Report each line from the listing that the string "Notation" appears in.

● ● ●

(* Vertex 1 is the distinguished vertex: the colouring forgets the diagonals through it. *)
Definition fan C : {set 'I_e * 'I_e} :=
  [set p : 'I_e * 'I_e | [&& (p.1 : nat) == 1, is_diag (e - 1) (npair p)
             & [forall q in C, ~~ crossing (npair p) (npair q)]]].

Lemma mem_triangulation T p : triangulation (e - 1) T ->
  (p \in T) = (p \in colouring T :|: fan (colouring T)).
Proof.
case=> Tdiag ncT maxT; rewrite /colouring in_setU in_setI [p \in fan _]in_set.
apply/idP/idP => [pT | /orP [/andP [] // | /and3P [/eqP p1 pd /forall_inP pnc]]].
  have := Tdiag p pT; rewrite /is_diag /npair /= => pdiag.
  have [p1 | p1] := eqVneq (p.1 : nat) 1; last by rewrite pT in_tri; lia.
  rewrite p1 /=; apply/orP; right; apply/andP; split.
    by move: pdiag; rewrite p1; lia.
  by apply/forall_inP => q /setIP [qT _]; have := ncT p q pT qT; rewrite /npair /= p1.
apply/idPn => npT; have [q qT pq] := maxT p pd npT.
have := pnc q; rewrite in_setI qT in_tri; move: pq (Tdiag q qT).
by rewrite /is_diag /crossing /npair /= p1; lia.
Qed.

Lemma triangulationE T : triangulation (e - 1) T -> T = colouring T :|: fan (colouring T).
Proof. by move=> Ttri; apply/setP => p; rewrite mem_triangulation. Qed.

Section Fan.

Variable C : {set 'I_e * 'I_e}.
Hypotheses (sC : C \subset tri e 2 (e - 1)) (sp : sparse 2 (e - 1) C).
Lemma rsum_supp1 (T : choiceType) (s : T) (u : T -> R) :
  (forall t, t <> s -> u t = 0) -> rsum u = u s.
Proof.
move=> u_out; rewrite rsumE !(esum_supp1 (s := s)) ?funrposBnegE //.
- by move=> t; rewrite lee_fin funrneg_ge0.
- by move=> t /u_out ut0; rewrite /funrneg ut0 oppr0 maxxx.
- by move=> t; rewrite lee_fin funrpos_ge0.
- by move=> t /u_out ut0; rewrite /funrpos ut0 maxxx.
Qed.

Lemma rsum_fibers (T K : choiceType) (p : T -> K) (u : T -> R) : rsummable u ->
  rsum u = rsum (fun k => rsum (fun t => if p t == k then u t else 0)).
Proof.
move=> su; pose fiber (a : T -> R) k t := if p t == k then a t else 0.
have fiber_ge0 a k t : (forall t, 0 <= a t) -> 0 <= fiber a k t.
  by move=> a0; rewrite /fiber; case: ifP => // _; exact: a0.
have fiber_fin a k : (forall t, 0 <= a t) -> (esum setT (fun t => (a t)%:E) < +oo)%E ->
    (esum setT (fun t => (fiber a k t)%:E) < +oo)%E.
  move=> a0; apply: esum_EFin_lt_pinfty => t.
  by rewrite /fiber; case: ifP => // _; exact: a0.
have esum_fine_fibers a : (forall t, 0 <= a t) -> (esum setT (fun t => (a t)%:E) < +oo)%E ->
    esum setT (fun k => (fine (esum setT (fun t => (fiber a k t)%:E)))%:E) =
    esum setT (fun t => (a t)%:E).
  move=> a0 a_fin; rewrite (esum_fibers p); last by move=> t; rewrite lee_fin.
  apply: eq_esum => k _; have fk0 t : 0 <= fiber a k t by exact: fiber_ge0.
  rewrite fineK; last exact: esum_EFin_fin_num fk0 (fiber_fin a k a0 a_fin).
  by apply: eq_esum => t _; rewrite /fiber; case: ifP.
have fiber_parts : forall k, rsum (fiber u k) =
    fine (esum setT (fun t => (fiber u^\+ k t)%:E)) -
    fine (esum setT (fun t => (fiber u^\- k t)%:E)).
  move=> k; rewrite rsumE; have -> : (fiber u k)^\+ = fiber u^\+ k.
    by apply/funext => t; rewrite /fiber /funrpos; case: ifP; rewrite ?maxxx.
  have -> // : (fiber u k)^\- = fiber u^\- k.
  by apply/funext => t; rewrite /fiber /funrneg; case: ifP; rewrite ?oppr0 ?maxxx.
have pos0 := funrpos_ge0 u; have neg0 := funrneg_ge0 u.
have pos_fin := rsummable_funrpos su; have neg_fin := rsummable_funrneg su.
rewrite (eq_fun fiber_parts) rsumB_nneg ?esum_fine_fibers //.
- by move=> k; apply: fine_ge0; apply: esum_ge0 => t _; rewrite lee_fin fiber_ge0.
- by move=> k; apply: fine_ge0; apply: esum_ge0 => t _; rewrite lee_fin fiber_ge0.
Qed.

End real_sums.

Section complex_sums.
Variable R : realType.
Local Notation C := R[i].
Local Notation Re := (@complex.Re R).
Local Notation Im := (@complex.Im R).

Lemma complexP (x y : C) : Re x = Re y -> Im x = Im y -> x = y.
Proof. by case: x; case: y => /= a b c d -> ->. Qed.

Lemma ReM (x y : C) : Re (x * y) = Re x * Re y - Im x * Im y.
Proof. by case: x => a b; case: y. Qed.

Lemma ImM (x y : C) : Im (x * y) = Re x * Im y + Im x * Re y.
Proof. by case: x => a b; case: y => c d /=; ring. Qed.

Definition csummable (T : choiceType) (u : T -> C) :=
  rsummable (fun t => Re (u t)) /\ rsummable (fun t => Im (u t)).

Lemma rsummable_le (T : choiceType) (u v : T -> R) :
  (forall t, `|u t| <= v t) -> (esum setT (fun t => (v t)%:E) < +oo)%E -> rsummable u.
Proof. by rewrite rsummableE; apply: esum_EFin_lt_pinfty. Qed.

Lemma rsummableD (T : choiceType) (u v : T -> R) :
  rsummable u -> rsummable v -> rsummable (fun t => u t + v t).
Proof.
rewrite !rsummableE => su sv; apply: (@rsummable_le _ _ (fun t => `|u t| + `|v t|)).
  by move=> t; apply: ler_normD.
by rewrite esumD_EFin ?lte_add_pinfty.
Qed.

Lemma rsummableZ (T : choiceType) (c : R) (u : T -> R) :
  rsummable u -> rsummable (fun t => c * u t).
Proof.
rewrite rsummableE => su; apply: (@rsummable_le _ _ (fun t => `|c| * `|u t|)).
  by move=> t; rewrite normrM.
by rewrite esumZ_EFin ?lte_mul_pinfty.
Qed.

Lemma rsummableN (T : choiceType) (u : T -> R) :
  rsummable u -> rsummable (fun t => - u t).
Proof. by move=> su; apply: (@rsummable_le _ _ (fun t => `|u t|)) => // t; rewrite normrN. Qed.

Lemma csummableD (T : choiceType) (u v : T -> C) :
  csummable u -> csummable v -> csummable (fun t => u t + v t).
Proof.
move=> [su1 su2] [sv1 sv2]; split.
  by under eq_fun do rewrite raddfD; exact: rsummableD.
by under eq_fun do rewrite raddfD; exact: rsummableD.
Qed.

Lemma csummableZ (T : choiceType) (c : C) (u : T -> C) :
  csummable u -> csummable (fun t => c * u t).
Proof.
move=> [su1 su2]; split.
  under eq_fun do rewrite ReM.
  by apply: rsummableD; [exact: rsummableZ | exact/rsummableN/rsummableZ].
by under eq_fun do rewrite ImM; apply: rsummableD; exact: rsummableZ.
Qed.

Lemma csummable_sum (T : choiceType) (K : Type) (s : seq K) (F : K -> T -> C) :
  (forall k, csummable (F k)) -> csummable (fun t => \sum_(k <- s) F k t).
Proof.
move=> sF; elim: s => [|k s IH].
  under eq_fun do rewrite big_nil.
  by split; rewrite rsummableE esum1 // => t _; rewrite normr0.
by under eq_fun do rewrite big_cons; exact: csummableD.
Qed.

Lemma csum_eq0 (T : choiceType) (u : T -> C) : (forall t, u t = 0) -> csum u = 0.
Proof. by move=> u0; rewrite /csum !rsum_eq0 // => t; rewrite u0. Qed.

Lemma csumD (T : choiceType) (u v : T -> C) : csummable u -> csummable v ->
  csum (fun t => u t + v t) = csum u + csum v.
Proof.
move=> [su1 su2] [sv1 sv2]; apply: complexP => /=.
  by rewrite -rsumD //; under eq_fun do rewrite raddfD.
by rewrite -rsumD //; under eq_fun do rewrite raddfD.
Qed.

Lemma csumZ (T : choiceType) (c : C) (u : T -> C) : csummable u ->
  csum (fun t => c * u t) = c * csum u.
Proof.
move=> [su1 su2]; apply: complexP => /=; rewrite ?ReM ?ImM.
  under eq_fun do rewrite ReM.
  by rewrite rsumD ?rsumN ?rsumZ //; [exact: rsummableZ | exact/rsummableN/rsummableZ].
under eq_fun do rewrite ImM.
by rewrite rsumD ?rsumZ //; exact: rsummableZ.
Qed.

Lemma csum_sum (T : choiceType) (K : Type) (s : seq K) (F : K -> T -> C) :
  (forall k, csummable (F k)) ->
  csum (fun t => \sum_(k <- s) F k t) = \sum_(k <- s) csum (F k).
Proof.
move=> sF; elim: s => [|k s IH].
  by rewrite big_nil csum_eq0 // => t; rewrite big_nil.
rewrite big_cons -IH -csumD //; last exact: csummable_sum.
by under eq_fun do rewrite big_cons.
Qed.
(* A Lie algebra generated by brackets of its own elements has trivial center
   when the trace form is anisotropic: a central Z is orthogonal to every
   bracket, since tr (Z [Y, W]) = tr ([Z, Y] W) = 0, hence to all of g. *)
Lemma center_trivial_of_perfect (G : M -> Prop) :
  anisotropic (lie_gen G) ->
  (forall X, G X -> exists Y W, [/\ lie_gen G Y, lie_gen G W & X = lbr Y W]) ->
  forall Z, lie_center (lie_gen G) Z -> Z = 0.
Proof.
move=> g_aniso G_perfect Z [gZ cZ]; apply: g_aniso => //.
have orth_br Y W : lie_gen G Y -> \tr (Z *m lbr Y W) = 0.
  by move=> gY; rewrite -mxtrace_lbr cZ // mul0mx mxtrace0.
suff orth A : lie_gen G A -> \tr (Z *m A) = 0 by apply: orth.
elim=> {A} [X /G_perfect [Y [W [gY _ ->]]] | | A B _ oA _ oB | c A _ oA | Y W gY _ _ _].
- exact: orth_br.
- by rewrite mulmx0 mxtrace0.
- by rewrite mulmxDr mxtraceD oA oB addr0.
- by rewrite /Fscale -scalemxAr mxtraceZ oA mulr0.
- exact: orth_br.
Qed.
End LieAlgebra.

Section SkewHermitian.
Context {F : fieldType} {L : fieldExtType F} (I : L) {m : nat}.
Hypothesis I2 : I ^+ 2 = -1.
Notation lift := (map_mx (in_alg L)).

(* Matrices A + I B with A antisymmetric and B symmetric over F: the
   analogue of skew-Hermitian matrices for L = F(I). *)
Definition skew_hermitian (Z : 'M[L]_m) : Prop :=
  exists A B : 'M[F]_m, [/\ A^T = - A, B^T = B & Z = lift A + I *: lift B].

Lemma mul_lift_re_im (A B A' B' : 'M[F]_m) :
  (lift A + I *: lift B) *m (lift A' + I *: lift B') =
  lift (A *m A' - B *m B') + I *: lift (A *m B' + B *m A').
Proof.
rewrite mulmxDl !mulmxDr -!scalemxAl -!scalemxAr scalerA -expr2 I2 scaleN1r.
rewrite map_mxB map_mxD !map_mxM scalerDr.
by rewrite [_ - _ *m _]addrC addrACA.
Qed.

Lemma skew_hermitian_Fsubspace : Fsubspace skew_hermitian.
Proof.
split.
- by exists 0, 0; rewrite !trmx0 oppr0 map_mx0 scaler0 addr0.
- move=> _ _ [A [B [hA hB ->]]] [A' [B' [hA' hB' ->]]].
  exists (A + A'), (B + B'); split; rewrite ?linearD /= ?hA ?hA' ?hB ?hB' //.
  by rewrite !map_mxD scalerDr addrACA.
- move=> c _ [A [B [hA hB ->]]]; exists (c *: A), (c *: B).
  split; rewrite ?linearZ /= ?hA ?hB ?scalerN //.
  by rewrite /Fscale !map_mxZ scalerDr !scalerA [I * _]mulrC.
Qed.

Lemma skew_hermitian_lbr (Z Z' : 'M[L]_m) :
  skew_hermitian Z -> skew_hermitian Z' -> skew_hermitian (lbr Z Z').
Proof.
move=> [A [B [hA hB ->]]] [A' [B' [hA' hB' ->]]].
exists ((A *m A' - B *m B') - (A' *m A - B' *m B)),
       ((A *m B' + B *m A') - (A' *m B + B' *m A)); split.
- rewrite !raddfB /= !trmx_mul hA hA' hB hB' !mulNmx !mulmxN !opprK.
  by rewrite addrC.
- rewrite raddfB !raddfD /= !trmx_mul hA hA' hB hB' !mulNmx !mulmxN !opprK.
  by rewrite addrC [B *m A' + _]addrC [- (B' *m A) - _]addrC.
- by rewrite /lbr !mul_lift_re_im opprD addrACA -scalerBr -!map_mxB.
Qed.

Definition mx_entries (X : 'M[F]_m) : seq F :=
  [seq X p.1 p.2 | p <- index_enum ('I_m * 'I_m)%type].
(* Let $K$ be a field and let $P$ be a poset that is not locally finite. Then there is no locally finite poset $Q$ such that $FI(P)$ is isomorphic (as a $K$-algebra) to the incidence algebra $I(Q)$.
   Context: $K$ is a field, $P$ an arbitrary poset. $I(P)$ is the set of functions $\alpha$ assigning to each pair $x\le y$ in $P$ a value $\alpha(x,y)\in K$. An element $\alpha\in I(P)$ is a finitary series if for all $x<y$ in $P$ there are only finitely many pairs $(u,v)$ with $x\le u<v\le y$ and $\alpha(u,v)\neq0$; $FI(P)$ is the set of finitary series. $FI(P)$ is an associative $K$-algebra under pointwise addition and convolution $(\alpha\beta)(x,y)=\sum_{x\le z\le y}\alpha(x,z)\beta(z,y)$. A poset $Q$ is locally finite if every interval $[x,y]=\{z: x\le z\le y\}$ is finite; for such $Q$, $I(Q)$ (all functions on pairs $x\le y$ in $Q$) is the usual incidence algebra under convolution. *)

From HB Require Import structures.
From mathcomp Require Import all_boot all_algebra.
From Stdlib Require List.
Set Implicit Arguments. Unset Strict Implicit. Unset Printing Implicit Defensive.
Import GRing.Theory.
Local Open Scope ring_scope.

Record is_poset (T : Type) (le : T -> T -> Prop) : Prop := {
  poset_refl : forall x, le x x;
  poset_antisym : forall x y, le x y -> le y x -> x = y;
  poset_trans : forall x y z, le x y -> le y z -> le x z }.

Definition locally_finite (T : Type) (le : T -> T -> Prop) : Prop :=
  forall x y, exists l : list T, forall z, le x z -> le z y -> List.In z l.

(* Elements of I(P) are represented as functions T -> T -> K that vanish
   outside the pairs x <= y (their values there are irrelevant data). *)
Definition supported (K : fieldType) (T : Type) (le : T -> T -> Prop)
  (a : T -> T -> K) : Prop :=
  forall x y, ~ le x y -> a x y = 0.

Definition finitary (K : fieldType) (T : Type) (le : T -> T -> Prop)
  (a : T -> T -> K) : Prop :=
  forall x y, le x y -> x <> y ->
    exists l : list (T * T), forall u v,
      le x u -> le u v -> u <> v -> le v y -> a u v != 0 -> List.In (u, v) l.

Definition in_FI (K : fieldType) (T : Type) (le : T -> T -> Prop)
  (a : T -> T -> K) : Prop := supported le a /\ finitary le a.

Definition in_I (K : fieldType) (T : Type) (le : T -> T -> Prop)
  (a : T -> T -> K) : Prop := supported le a.

(* c is the convolution a*b:  c(x,y) = sum_{x<=z<=y} a(x,z) b(z,y) for x <= y,
   where the sum has only finitely many nonzero terms: it is computed over a
   duplicate-free finite list s of elements of [x,y] outside of which all
   terms vanish. *)
Definition conv (K : fieldType) (T : Type) (le : T -> T -> Prop)
  (a b c : T -> T -> K) : Prop :=
  forall x y, le x y ->
    exists s : list T,
      [/\ List.NoDup s,
          (forall z, List.In z s -> le x z /\ le z y),
          (forall z, le x z -> le z y -> ~ List.In z s -> a x z * b z y = 0)
        & c x y = foldr (fun z acc => a x z * b z y + acc) 0 s].

(* phi is a K-algebra isomorphism FI(P) -> I(Q): it maps FI(P) into I(Q),
   bijectively, and preserves addition, scalar multiplication and the
   convolution product (unit preservation follows from bijectivity). *)
Definition FI_I_alg_iso (K : fieldType) (T : Type) (leP : T -> T -> Prop)
  (U : Type) (leQ : U -> U -> Prop) (phi : (T -> T -> K) -> (U -> U -> K)) : Prop :=
  [/\ (forall a, in_FI leP a -> in_I leQ (phi a)),
      (forall a b, in_FI leP a -> in_FI leP b -> phi a = phi b -> a = b),
      (forall g, in_I leQ g -> exists2 a, in_FI leP a & phi a = g),
      (forall a b, in_FI leP a -> in_FI leP b ->
         phi (fun x y => a x y + b x y) = (fun u v => phi a u v + phi b u v))
    & (forall (k : K) a, in_FI leP a ->
         phi (fun x y => k * a x y) = (fun u v => k * phi a u v))] /\
  (forall a b c, in_FI leP a -> in_FI leP b -> in_FI leP c ->
     conv leP a b c -> conv leQ (phi a) (phi b) (phi c)).

From HB Require Import structures.
From mathcomp Require Import all_boot all_algebra.
From mathcomp Require Import boolp.
Set Implicit Arguments. Unset Strict Implicit. Unset Printing Implicit Defensive.
Import GRing.Theory.
Local Open Scope ring_scope.

(* Choose x <= y in P with [x,y] infinite and use the matrix
   units e_pq of FI(P), which satisfy e_xz * e_z'y = delta(z,z') e_xy for
   z in [x,y].  If phi : FI(P) -> I(Q) is an isomorphism, phi(e_xy) is nonzero
   at some u <= v of Q.  Write the finite interval [u,v] as w_1, ..., w_n and
   take distinct z_1, ..., z_m in [x,y].  Expanding phi(e_xz_i) * phi(e_z_j y)
   at (u,v) over [u,v] shows that the m x n matrix A_ik = phi(e_xz_i)(u,w_k)
   and the n x m matrix B_kj = phi(e_z_j y)(w_k,v) satisfy A B = c I with
   c = phi(e_xy)(u,v) <> 0, hence m <= rank(A B) <= n.  Taking m = n + 1 is
   absurd. *)

Lemma In_mem (T : eqType) (x : T) (s : seq T) : List.In x s <-> x \in s.
Proof.
elim: s => [|y s IH] //=; rewrite in_cons.
split=> [[->|/IH->]|/orP[/eqP->|/IH]]; rewrite ?eqxx ?orbT; auto.
Qed.

Lemma NoDup_uniq (T : eqType) (s : seq T) : List.NoDup s -> uniq s.
Proof.
elim=> [|x {}s xs _ IH] //=; rewrite IH andbT.
by apply/negP => /In_mem.
Qed.

Lemma foldr_sum (R : nmodType) (I : Type) (F : I -> R) (s : seq I) :
  foldr (fun i acc => F i + acc) 0 s = \sum_(i <- s) F i.
Proof. by rewrite -foldr_map foldrE big_map. Qed.

Lemma not_locally_finite_interval (T : Type) (le : T -> T -> Prop) :
  ~ locally_finite le ->
  exists x y, forall l : list T, exists z, (le x z /\ le z y) /\ ~ List.In z l.
Proof.
move/existsNP => [x /existsNP [y /forallNP Hl]]; exists x, y => l.
have /existsNP [z /not_implyP [xz /not_implyP [zy nz]]] := Hl l.
by exists z.
Qed.

Lemma infinite_uniq_seq (T : Type) (S : T -> Prop) :
  (forall l : list T, exists z, S z /\ ~ List.In z l) ->
  forall n, exists zs : seq {classic T},
    [/\ size zs = n, uniq zs & forall z, z \in zs -> S z].
Proof.
move=> Hinf; elim=> [|n [zs [<- uzs Szs]]]; first by exists [::].
have [z [Sz zNzs]] := Hinf zs.
exists (z :: zs); split=> //=; first by rewrite uzs andbT; apply/negP => /In_mem.
by move=> w; rewrite in_cons => /orP[/eqP->|/Szs].
Qed.

Definition enumerates_interval (U : Type) (le : U -> U -> Prop) (u v : U)
  (L : seq {classic U}) : Prop :=
  uniq L /\ forall w, w \in L <-> le u w /\ le w v.

Lemma interval_enum (U : Type) (le : U -> U -> Prop) :
  locally_finite le -> forall u v, exists L, enumerates_interval le u v L.
Proof.
move=> lf u v; have [l Hl] := lf u v.
exists (@undup {classic U} [seq w <- l | `[< le u w /\ le w v >]]).
split=> [|w]; first exact: undup_uniq.
rewrite mem_undup mem_filter; split=> [/andP[/asboolP //]|[uw wv]].
by rewrite asboolT //; apply/In_mem; exact: Hl.
Qed.

Lemma conv_sum (K : fieldType) (U : Type) (le : U -> U -> Prop)
  (a b c : U -> U -> K) (u v : U) (L : seq {classic U}) :
  le u v -> conv le a b c -> enumerates_interval le u v L ->
  c u v = \sum_(w <- L) a u w * b w v.
Proof.
move=> uv cv [uL HL]; have [s [sND sI sZ ->]] := cv u v uv.
have sE w : List.In w s <-> w \in (s : seq {classic U}).
  exact: (@In_mem {classic U}).
rewrite (foldr_sum (fun w : {classic U} => a u w * b w v)).
apply: perm_big_supp; apply: uniq_perm; rewrite ?filter_uniq //.
  exact: NoDup_uniq.
move=> w; rewrite !mem_filter; apply/andP/andP => -[nz ws]; split=> //.
  by apply/HL; apply/sI/sE.
have [uw wv] := (HL w).1 ws; apply/sE; apply: contrapT => ws'.
by move: nz; rewrite (sZ w uw wv ws') eqxx.
Qed.

Lemma scalar_factor_dim (K : fieldType) m n (A : 'M[K]_(m, n))
  (B : 'M[K]_(n, m)) (c : K) : c != 0 -> A *m B = c%:M -> (m <= n)%N.
Proof.
move=> c0 AB; have := mxrankM_maxl A B.
rewrite AB -scalemx1 mxrank_scale_nz // mxrank1 => /leq_trans; apply.
exact: rank_leq_col.
Qed.

Section MatrixUnits.
Variables (K : fieldType) (T : Type) (le : T -> T -> Prop).

Definition munit (p q : T) : T -> T -> K :=
  fun s t => if `[< s = p >] && `[< t = q >] then 1 else 0.

Definition kdelta (z z' : T) : K := if `[< z = z' >] then 1 else 0.

Lemma munit_FI p q : le p q -> in_FI le (munit p q).
Proof.
move=> pq; split=> [s t nst|x y _ _]; rewrite /munit.
  by case: asboolP => [sp|//]; case: asboolP => [tq|//]; subst; case: nst.
exists [:: (p, q)] => s t _ _ _ _.
by case: asboolP => [sp|_]; case: asboolP => [tq|_] /=; rewrite ?eqxx //; subst; left.
Qed.

Lemma scale_FI (k : K) (a : T -> T -> K) :
  in_FI le a -> in_FI le (fun s t => k * a s t).
Proof.
move=> [sa fa]; split=> [s t nst|x y xy nxy]; first by rewrite sa ?mulr0.
have [l Hl] := fa x y xy nxy; exists l => u v xu uv nuv vy.
by rewrite mulf_eq0 negb_or => /andP[_]; exact: Hl.
Qed.

Lemma conv_munit x y z z' : le x z -> le z y ->
  conv le (munit x z) (munit z' y) (fun s t => kdelta z z' * munit x y s t).
Proof.
move=> xz zy s t _; rewrite /munit /kdelta.
have [-> | sx] := asboolP (s = x); last first.
  exists [::]; split=> //; first exact: List.NoDup_nil.
    by move=> w _ _ _; rewrite mul0r.
  by rewrite mulr0.
have [-> | ty] := asboolP (t = y); last first.
  exists [::]; split=> //; first exact: List.NoDup_nil.
    by move=> w _ _ _; rewrite andbF mulr0.
  by rewrite mulr0.
exists [:: z]; split.
- exact/List.NoDup_cons/List.NoDup_nil.
- by move=> w [<-|[]].
- by move=> w _ _ wz; case: asboolP => [wz'|]; [case: wz; left | rewrite mul0r].
- by rewrite /= addr0 !(asboolT (erefl _)) /=; case: asboolP; rewrite ?mulr1 ?mul1r.
Qed.

Lemma kdelta_nth (zs : seq {classic T}) (x0 : {classic T}) (i j : nat) :
  uniq zs -> (i < size zs)%N -> (j < size zs)%N ->
  kdelta (nth x0 zs i) (nth x0 zs j) = (i == j)%:R.
Proof.
move=> uzs ilt jlt; rewrite /kdelta -(nth_uniq x0 ilt jlt uzs).
by case: asboolP => [->|ne]; [rewrite eqxx | case: eqP].
Qed.

End MatrixUnits.

Section FIIsomorphism.
Variables (K : fieldType) (T : Type) (leP : T -> T -> Prop).
Variables (U : Type) (leQ : U -> U -> Prop).
Variable phi : (T -> T -> K) -> (U -> U -> K).
Hypothesis iso : FI_I_alg_iso leP leQ phi.

(* Since phi is injective and K-linear, phi(e_xy) is a nonzero element of
   I(Q); being supported, it is nonzero at some pair u <= v. *)
Lemma iso_munit_nonzero x y : leP x y ->
  exists u v, leQ u v /\ phi (munit K x y) u v != 0.
Proof.
move: iso => [[Hmap Hinj _ _ Hscal] _] xy; have exy := munit_FI K xy.
apply: contrapT => Hz.
have phi0 : phi (munit K x y) = phi (fun s t => 0 * munit K x y s t).
  rewrite Hscal //; apply: funext => u; apply: funext => v /=; rewrite mul0r.
  apply/eqP; apply: contrapT => /negP nz; apply: Hz; exists u, v; split=> //.
  by apply: contrapT => nuv; move: nz; rewrite (Hmap _ exy u v nuv) eqxx.
have := congr1 (fun f => f x y) (Hinj _ _ exy (scale_FI 0 exy) phi0).
by rewrite /= mul0r /munit !asboolT //; apply/eqP; exact: oner_neq0.
Qed.

(* The heart of the argument: if phi(e_xy)(u,v) <> 0, then [x,y] has at most
   as many points as [u,v], because the matrices A_ik = phi(e_xz_i)(u,w_k) and
   B_kj = phi(e_z_j y)(w_k,v) multiply to phi(e_xy)(u,v) times the identity. *)
Lemma midpoints_bounded x y (zs : seq {classic T}) u v (L : seq {classic U}) :
  leP x y -> uniq zs -> (forall z, z \in zs -> leP x z /\ leP z y) ->
  leQ u v -> phi (munit K x y) u v != 0 -> enumerates_interval leQ u v L ->
  (size zs <= size L)%N.
Proof.
move: iso => [[_ _ _ _ Hscal] Hconv] xy uzs Hzs uv nz HL.
pose z (i : 'I_(size zs)) := nth x zs i.
have zin i : leP x (z i) /\ leP (z i) y by apply: Hzs; exact: mem_nth.
pose A := \matrix_(i < size zs, k < size L) phi (munit K x (z i)) u (nth u L k).
pose B := \matrix_(k < size L, j < size zs) phi (munit K (z j) y) (nth u L k) v.
apply: (@scalar_factor_dim _ _ _ A B _ nz); apply/matrixP => i j.
rewrite [RHS]mxE [LHS]mxE.
have [xzi ziy] := zin i; have [_ zjy] := zin j.
have conv_ij := Hconv _ _ _ (munit_FI K xzi) (munit_FI K zjy)
  (scale_FI (kdelta K (z i) (z j)) (munit_FI K xy))
  (@conv_munit K T leP x y (z i) (z j) xzi ziy).
rewrite -mulr_natl -(@kdelta_nth K T zs x i j uzs (ltn_ord i) (ltn_ord j)).
have /(congr1 (fun f => f u v)) /= <- :=
  Hscal (kdelta K (z i) (z j)) _ (munit_FI K xy).
rewrite (conv_sum uv conv_ij HL) (big_nth u) big_mkord.
by apply: eq_bigr => k _; rewrite !mxE.
Qed.

End FIIsomorphism.

Unset Implicit Arguments.
Set Strict Implicit.
Theorem corollary5 (K : fieldType) (T : Type) (leP : T -> T -> Prop)
  (HP : is_poset leP) (HnLF : ~ locally_finite leP) :
  ~ exists (U : Type) (leQ : U -> U -> Prop),
      [/\ is_poset leQ, locally_finite leQ &
          exists phi : (T -> T -> K) -> (U -> U -> K), FI_I_alg_iso leP leQ phi].
Proof.
move=> [U [leQ [_ HLF [phi iso]]]].
have [x [y Hxy]] := not_locally_finite_interval HnLF.
have xy : leP x y.
  by have [z [[xz zy] _]] := Hxy [::]; exact: poset_trans HP _ _ _ xz zy.
have [u [v [uv nz]]] := iso_munit_nonzero iso xy.
have [L HL] := interval_enum HLF u v.
have [zs [szs uzs Hzs]] := infinite_uniq_seq Hxy (size L).+1.
by have := midpoints_bounded iso xy uzs Hzs uv nz HL; rewrite szs ltnn.
Qed.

● ● ●

**Response for this exercise**:
Local Notation C := R[i].
Local Notation Re := (@complex.Re R).
Local Notation Im := (@complex.Im R).
Notation lift := (map_mx (in_alg L)).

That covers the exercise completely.